When you rent out your property, you may be required by law to disclose certain information. Failure to provide these disclosures may result in lawsuits, liability issues, and problems with your state’s property management agency.
Lead disclosures. As a landlord, you are required to provide all new tenants with a lead disclosure form. This is due to the Residential Lead-Based Paint Hazard Reduction Act passed in 1992, which is also known as Title X.

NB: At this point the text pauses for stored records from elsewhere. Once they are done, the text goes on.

(* Let $n\ge 1$ and consider a bin $B=(l_s,u_s]\times(l_t,u_t]\subseteq[0,n]^2$ with $l_s<u_s$, $l_t<u_t$, containing $o_i\ge 1$ observed rank pairs $(s_{i1},t_{i1}),\dots,(s_{io_i},t_{io_i})\in B$. Let $e_i=(u_s-l_s)(u_t-l_t)/n$ be its expected count. For a vertical split at $c\in(l_s,u_s)$, let $o_{i-}(c)=\#\{k: s_{ik}\le c\}$, $o_{i+}(c)=o_i-o_{i-}(c)$, $e_{i-}(c)=(c-l_s)(u_t-l_t)/n$ and $e_{i+}(c)=(u_s-c)(u_t-l_t)/n$. With the mi score $\mathrm{mi}(o,e)=\frac{o}{n}\log\frac{o}{e}$ (with the convention $0\log 0=0$), define $$\delta_i(c,\mathrm{mi})=\mathrm{mi}\big(o_{i+}(c),e_{i+}(c)\big)+\mathrm{mi}\big(o_{i-}(c),e_{i-}(c)\big)-\mathrm{mi}(o_i,e_i).$$ Then any $c^*\in(l_s,u_s)$ maximizing $\delta_i(c,\mathrm{mi})$ over $c\in(l_s,u_s)$ is one of the point coordinates $s_{i1},\dots,s_{io_i}$. The analogous statement holds for horizontal splits at $c\in(l_t,u_t)$ (with the roles of $s$ and $t$ interchanged), where the maximizer is one of $t_{i1},\dots,t_{io_i}$.
   Context: Observations $(x_k,y_k)$, $k=1,\dots,n$, are converted to marginal ranks $s_k,t_k\in\{1,\dots,n\}$ (ties broken randomly), so under independence the rank pairs are uniform on the rank space $[0,n]^2$ and the expected number of points in a region of area $a$ is $a/n$. A bin is a rectangle $(l_s,u_s]\times(l_t,u_t]$; splitting it by a vertical line at $c$ produces a lower bin $(l_s,c]\times(l_t,u_t]$ and an upper bin $(c,u_s]\times(l_t,u_t]$ (a point with coordinate equal to $c$ is counted in the lower bin); horizontal splits are defined analogously in the $t$ coordinate. *)

From Stdlib Require Import Reals List.
Open Scope R_scope.

Definition mi (n : nat) (o : nat) (e : R) : R :=
  if Nat.eqb o 0 then 0 else INR o / INR n * ln (INR o / e).

Definition count_le (xs : list nat) (c : R) : nat :=
  length (filter (fun x => if Rle_dec (INR x) c then true else false) xs).

(* delta_i(c, mi) for a split at c of the coordinate range (l,u], the other
   side of the bin being (l',u'], and xs the split-direction coordinates of
   the points in the bin. *)
Definition delta (n : nat) (xs : list nat) (l u l' u' c : R) : R :=
  let o := length xs in
  let om := count_le xs c in
  let op := (o - om)%nat in
  mi n op ((u - c) * (u' - l') / INR n)
  + mi n om ((c - l) * (u' - l') / INR n)
  - mi n o ((u - l) * (u' - l') / INR n).

(* With the count [m] of points below the split fixed, and [W] the side length
   of the bin along the other axis, the score of the lower bin is
   [(m/n) (ln (m n / W) - ln (c - l))], a convex function of [c] that is
   strictly convex when [m > 0]; likewise for the upper bin in [u - c].  Away
   from the point coordinates [m] is locally constant, and as the bin holds at
   least one point, [delta] is strictly midpoint convex there, so it cannot
   attain a maximum. *)
From Stdlib Require Import Reals List Lra Lia Classical.
Open Scope R_scope.

Lemma mi_zero (n : nat) (e : R) : mi n 0 e = 0.
Proof. reflexivity. Qed.

Lemma mi_width (n k : nat) (W x : R) :
  k <> 0%nat -> (1 <= n)%nat -> 0 < W -> 0 < x ->
  mi n k (x * W / INR n) = INR k / INR n * (ln (INR k * INR n / W) - ln x).
Proof.
  intros Hk Hn HW Hx. unfold mi.
  rewrite (proj2 (Nat.eqb_neq k 0) Hk).
  assert (HK : 0 < INR k) by (apply lt_0_INR; lia).
  assert (HN : 0 < INR n) by (apply lt_0_INR; lia).
  replace (INR k / (x * W / INR n)) with (INR k * INR n / W * / x) by (field; lra).
  rewrite ln_mult, ln_Rinv; [ring | lra | | apply Rinv_0_lt_compat; lra].
  apply Rdiv_lt_0_compat; nra.
Qed.

Lemma ln_midpoint_lt (x h : R) : 0 < h < x -> ln (x - h) + ln (x + h) < 2 * ln x.
Proof.
  intros Hh.
  rewrite <- ln_mult by lra.
  replace (2 * ln x) with (ln (x * x)) by (rewrite ln_mult by lra; ring).
  apply ln_increasing; nra.
Qed.

Lemma mi_midpoint_strict_convex (n k : nat) (W x h : R) :
  k <> 0%nat -> (1 <= n)%nat -> 0 < W -> 0 < h < x ->
  2 * mi n k (x * W / INR n)
  < mi n k ((x - h) * W / INR n) + mi n k ((x + h) * W / INR n).
Proof.
  intros Hk Hn HW Hh.
  rewrite !mi_width by (auto; lra).
  assert (Hkn : 0 < INR k / INR n)
    by (apply Rdiv_lt_0_compat; apply lt_0_INR; lia).
  pose proof (ln_midpoint_lt x h Hh).
  set (K := ln (INR k * INR n / W)) in *.
  nra.
Qed.

Lemma mi_midpoint_convex (n k : nat) (W x h : R) :
  (1 <= n)%nat -> 0 < W -> 0 < h < x ->
  2 * mi n k (x * W / INR n)
  <= mi n k ((x - h) * W / INR n) + mi n k ((x + h) * W / INR n).
Proof.
  intros Hn HW Hh. destruct (Nat.eq_dec k 0) as [-> | Hk].
  - rewrite !mi_zero. lra.
  - left. apply mi_midpoint_strict_convex; auto.
Qed.

Lemma count_le_le_length (xs : list nat) (c : R) : (count_le xs c <= length xs)%nat.
Proof.
  unfold count_le. induction xs as [|x xs IH]; simpl; [lia|].
  destruct (Rle_dec (INR x) c); simpl; lia.
Qed.

Lemma count_le_locally_constant (xs : list nat) (c : R) :
  (forall x, In x xs -> INR x <> c) ->
  exists h, 0 < h /\
    forall d, c - h <= d <= c + h -> count_le xs d = count_le xs c.
Proof.
  unfold count_le. induction xs as [|y ys IH]; intros Hoff.
  - exists 1. split; [lra | reflexivity].
  - destruct IH as [h [Hh Hconst]]; [intros x Hx; apply Hoff; now right|].
    assert (Hy : 0 < Rabs (INR y - c))
      by (apply Rabs_pos_lt; specialize (Hoff y (or_introl eq_refl)); lra).
    exists (Rmin h (Rabs (INR y - c) / 2)). split; [apply Rmin_glb_lt; lra|].
    intros d Hd.
    pose proof (Rmin_l h (Rabs (INR y - c) / 2)).
    pose proof (Rmin_r h (Rabs (INR y - c) / 2)).
    simpl. destruct (Rle_dec (INR y) d), (Rle_dec (INR y) c); simpl;
      try (rewrite (Hconst d) by lra; reflexivity);
      exfalso; unfold Rabs in *; destruct (Rcase_abs (INR y - c)); lra.
Qed.

Lemma delta_midpoint_strict_convex (n : nat) (xs : list nat) (l u l' u' c h : R) :
  (1 <= n)%nat -> l' < u' -> (1 <= length xs)%nat ->
  0 < h -> l < c - h -> c + h < u ->
  count_le xs (c - h) = count_le xs c -> count_le xs (c + h) = count_le xs c ->
  2 * delta n xs l u l' u' c < delta n xs l u l' u' (c - h) + delta n xs l u l' u' (c + h).
Proof.
  intros Hn Hl' Hlen Hh Hl Hu Hminus Hplus.
  unfold delta. rewrite Hminus, Hplus.
  set (m := count_le xs c). set (o := length xs). set (W := u' - l').
  assert (Hmo : (m <= o)%nat) by apply count_le_le_length.
  assert (HW : 0 < W) by (unfold W; lra).
  replace (u - (c - h)) with ((u - c) + h) by ring.
  replace (u - (c + h)) with ((u - c) - h) by ring.
  replace (c - h - l) with ((c - l) - h) by ring.
  replace (c + h - l) with ((c - l) + h) by ring.
  destruct (Nat.eq_dec m 0) as [Hm | Hm].
  - pose proof (mi_midpoint_strict_convex n (o - m) W (u - c) h ltac:(lia) Hn HW ltac:(lra)).
    pose proof (mi_midpoint_convex n m W (c - l) h Hn HW ltac:(lra)).
    lra.
  - pose proof (mi_midpoint_convex n (o - m) W (u - c) h Hn HW ltac:(lra)).
    pose proof (mi_midpoint_strict_convex n m W (c - l) h Hm Hn HW ltac:(lra)).
    lra.
Qed.

Lemma delta_argmax_at_point (n : nat) (xs : list nat) (l u l' u' cstar : R) :
  (1 <= n)%nat -> l' < u' -> (1 <= length xs)%nat -> l < cstar < u ->
  (forall c, l < c < u -> delta n xs l u l' u' c <= delta n xs l u l' u' cstar) ->
  exists x, In x xs /\ cstar = INR x.
Proof.
  intros Hn Hl' Hlen Hc Hmax.
  apply NNPP. intros Hoff.
  destruct (count_le_locally_constant xs cstar) as [h0 [Hh0 Hconst]].
  { intros x Hx E. apply Hoff. now exists x. }
  set (h := Rmin h0 (Rmin (cstar - l) (u - cstar)) / 2).
  assert (Hh : 0 < h /\ h < h0 /\ h < cstar - l /\ h < u - cstar).
  { unfold h.
    pose proof (Rmin_l h0 (Rmin (cstar - l) (u - cstar))).
    pose proof (Rmin_r h0 (Rmin (cstar - l) (u - cstar))).
    pose proof (Rmin_l (cstar - l) (u - cstar)).
    pose proof (Rmin_r (cstar - l) (u - cstar)).
    assert (0 < Rmin h0 (Rmin (cstar - l) (u - cstar)))
      by (repeat apply Rmin_glb_lt; lra).
    lra. }
  pose proof (delta_midpoint_strict_convex n xs l u l' u' cstar h Hn Hl' Hlen
                ltac:(lra) ltac:(lra) ltac:(lra)
                (Hconst (cstar - h) ltac:(lra)) (Hconst (cstar + h) ltac:(lra))).
  pose proof (Hmax (cstar - h) ltac:(lra)).
  pose proof (Hmax (cstar + h) ltac:(lra)).
  lra.
Qed.

Lemma argmax_at_projection (f : nat * nat -> nat) (n : nat) (pts : list (nat * nat))
    (l u l' u' cstar : R) :
  (1 <= n)%nat -> l' < u' -> (1 <= length pts)%nat -> l < cstar < u ->
  (forall c, l < c < u ->
     delta n (map f pts) l u l' u' c <= delta n (map f pts) l u l' u' cstar) ->
  exists p, In p pts /\ cstar = INR (f p).
Proof.
  intros Hn Hl' Hlen Hc Hmax.
  destruct (delta_argmax_at_point n (map f pts) l u l' u' cstar Hn Hl'
              ltac:(now rewrite length_map) Hc Hmax) as [x [Hx ->]].
  apply in_map_iff in Hx. destruct Hx as [p [<- Hp]].
  now exists p.
Qed.

Theorem proposition2 :
  forall (n : nat) (ls us lt ut : R) (pts : list (nat * nat)),
    (1 <= n)%nat ->
    0 <= ls -> ls < us -> us <= INR n ->
    0 <= lt -> lt < ut -> ut <= INR n ->
    (1 <= length pts)%nat ->
    (forall p, In p pts ->
       (1 <= fst p <= n)%nat /\ (1 <= snd p <= n)%nat /\
       ls < INR (fst p) <= us /\ lt < INR (snd p) <= ut) ->
    (* vertical splits *)
    (forall cstar, ls < cstar < us ->
       (forall c, ls < c < us ->
          delta n (map fst pts) ls us lt ut c
          <= delta n (map fst pts) ls us lt ut cstar) ->
       exists p, In p pts /\ cstar = INR (fst p))
    /\
    (* horizontal splits *)
    (forall cstar, lt < cstar < ut ->
       (forall c, lt < c < ut ->
          delta n (map snd pts) lt ut ls us c
          <= delta n (map snd pts) lt ut ls us cstar) ->
       exists p, In p pts /\ cstar = INR (snd p)).
Proof.
  intros n ls us lt ut pts Hn _ Hs _ _ Ht _ Hlen _.
  split; intros cstar Hc Hmax.
  - exact (argmax_at_projection fst n pts ls us lt ut cstar Hn Ht Hlen Hc Hmax).
  - exact (argmax_at_projection snd n pts lt ut ls us cstar Hn Hs Hlen Hc Hmax).
Qed.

Under this act, landlords must provide disclosure on any health hazards due to lead-based paint in their rental dwellings. You and your tenant must both sign an EPA approved disclosure form if there is lead in the building. This form must be provided to each new tenant who moves in to your property. You must keep a copy of the signed form in your tenant’s record for at least three years from the date that your tenant takes occupancy in your building.
In addition to this form, you must also provide an EPA pamphlet called “Protect Your Family from Lead in Your Home.” If you do not have copies of this pamphlet, contact your state’s property management agency to obtain them. You may also call the National Lead Information Center at 1-800-424-LEAD or download copies from the EPA Web site.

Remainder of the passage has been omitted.